Before Linda Weller, 67, started using Mounjaro, her face, she said, looked pretty good for her age. Yet after losing 60 pounds in a year, it started to “look like a mudslide” — even as her A1C levels dropped and she was able to stop taking her blood pressure medication.

“I didn’t want to put the money out to get a facelift,” Weller said. “So I got my cheeks done.”

“I look and feel great,” Weller said.

Candice Reid, a registered nurse and owner of a Mount Airy Med Spa Nurse Candie, said she’s using more hyaluronic acid injectables, too, especially for clients who have lost weight who are over 40.

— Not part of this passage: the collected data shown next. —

(* Let $w(z_1,\dots,z_m)$ be a quasi-linear group word, let $n\ge2$ be a natural number, and let $\mathsf F^w_n$ be the free group of rank $n$ of the variety $V_w$, with free basis $x_1,\dots,x_n$ and word norm $\|\cdot\|$ associated with $\overline S$, $S=\{x_1^{\pm1},\dots,x_n^{\pm1}\}$. Let $\mathcal C$ be a class of groups with invariant integer-valued norms which is closed under taking subgroups (with the restricted norm). Then $(\mathsf F^w_n,\|\cdot\|)$ is metrically LE$\mathcal C$ if and only if it is metrically fully residually $\mathcal C$.
   Context: $\Lambda=[0,\infty)$. $V_w$ is the variety of groups satisfying the identity $w=1$. The word $w$ is quasi-linear if for every group $H$ and every generating set $A$ of $H$: $H\in V_w$ iff $w(\bar a)=1$ for every $m$-tuple $\bar a$ of elements of $A$. A pseudo-norm on $G$ is $\ell:G\to\Lambda$ with $\ell(1)=0$, $\ell(g)=\ell(g^{-1})$, $\ell(gh)\le\ell(g)+\ell(h)$; a norm if $\ell(g)=0\Rightarrow g=1$; invariant if $\ell(h^{-1}gh)=\ell(g)$. For symmetric $S\subseteq G$, $\overline S$ is the smallest conjugation-invariant subset containing $S$; the word norm is $\|g\|=\min\{k:g=s_1\cdots s_k,s_i\in\overline S\}$. For pseudo-normed $(G_1,\ell_1),(G_2,\ell_2)$, finite $D\subseteq G_1$ and finite $Q\subseteq\Lambda\cap\mathbb Q$ with $0\in Q$, $\varphi:G_1\to G_2$ is a $D$-$Q$-almost-homomorphism if injective on $D$, $\varphi(hg)=\varphi(h)\varphi(g)$ whenever $h,g,hg\in D$, and $\ell_1(g)\,\square\,q\iff\ell_2(\varphi(g))\,\square\,q$ for all $g\in D,q\in Q,\square\in\{<,>,=\}$. $(G,\ell)$ is metrically LE$\mathcal C$ if for all such $D,Q$ there are $(C,\ell_C)\in\mathcal C$ and a $D$-$Q$-almost-homomorphism $G\to C$; it is metrically fully residually $\mathcal C$ if for all such $D,Q$ there are $(C,\ell_C)\in\mathcal C$ and a group homomorphism $\varphi:G\to C$ with $\ell_C(\varphi(g))\le\ell(g)$ for all $g\in G$ which is a $D$-$Q$-almost-homomorphism. *)

From HB Require Import structures.
From mathcomp Require Import all_boot monoid all_order all_algebra.
Set Implicit Arguments. Unset Strict Implicit. Unset Printing Implicit Defensive.
Import Order.TTheory GRing.Theory Num.Theory.

Local Open Scope group_scope.

Inductive gword (m : nat) : Type :=
  | GVar of 'I_m
  | GOne
  | GMul of gword m & gword m
  | GInv of gword m.

Fixpoint geval (m : nat) (H : groupType) (a : 'I_m -> H) (t : gword m) : H :=
  match t with
  | GVar i => a i
  | GOne => 1
  | GMul t1 t2 => geval a t1 * geval a t2
  | GInv t1 => (geval a t1)^-1
  end.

In addition to the hyaluronic injectables, Reid injects platelet-rich plasma, or PRP, into clients’ cheeks and jawlines to stimulate collagen growth. Collagen is among one of the most important proteins our body makes to keep skin from sagging. Production of it slows down as we get into our 30s with dramatic drops in the 40s.

“You can’t spot where you are going to lose your weight from,” Reid said, “But you can add volume back to facial areas that have been affected from fat loss.”

On a recent Monday afternoon, O’Reilly was ready to be perked up. Five syringes of Restylane — totaling more than $4,000 — lined the medical counter. After cleaning O’Reilly’s face and numbing it, Sidiqi injected Restylane into each of O’Reilly’s temples for contour and underneath each of her cheekbones to lift them. Sidiqi injected Restylane in O’Reilly’s chin to round it out and then she plumped her lips, but not too much because the overdone pout is out.

Gone were the dark circles. Gone was the unwanted gauntness. In less than an hour, O’Reilly had her younger face back. The results should last about a year.

“I like the way I look,” O’Reilly said. “I’m very pleased.”

Will O’Reilly be back? She’s not sure. Looking young is not cheap. Like the weight-loss drugs, fillers will have to be a permanent part of her beauty regiment if she wants to keep up her look. She’s just 35.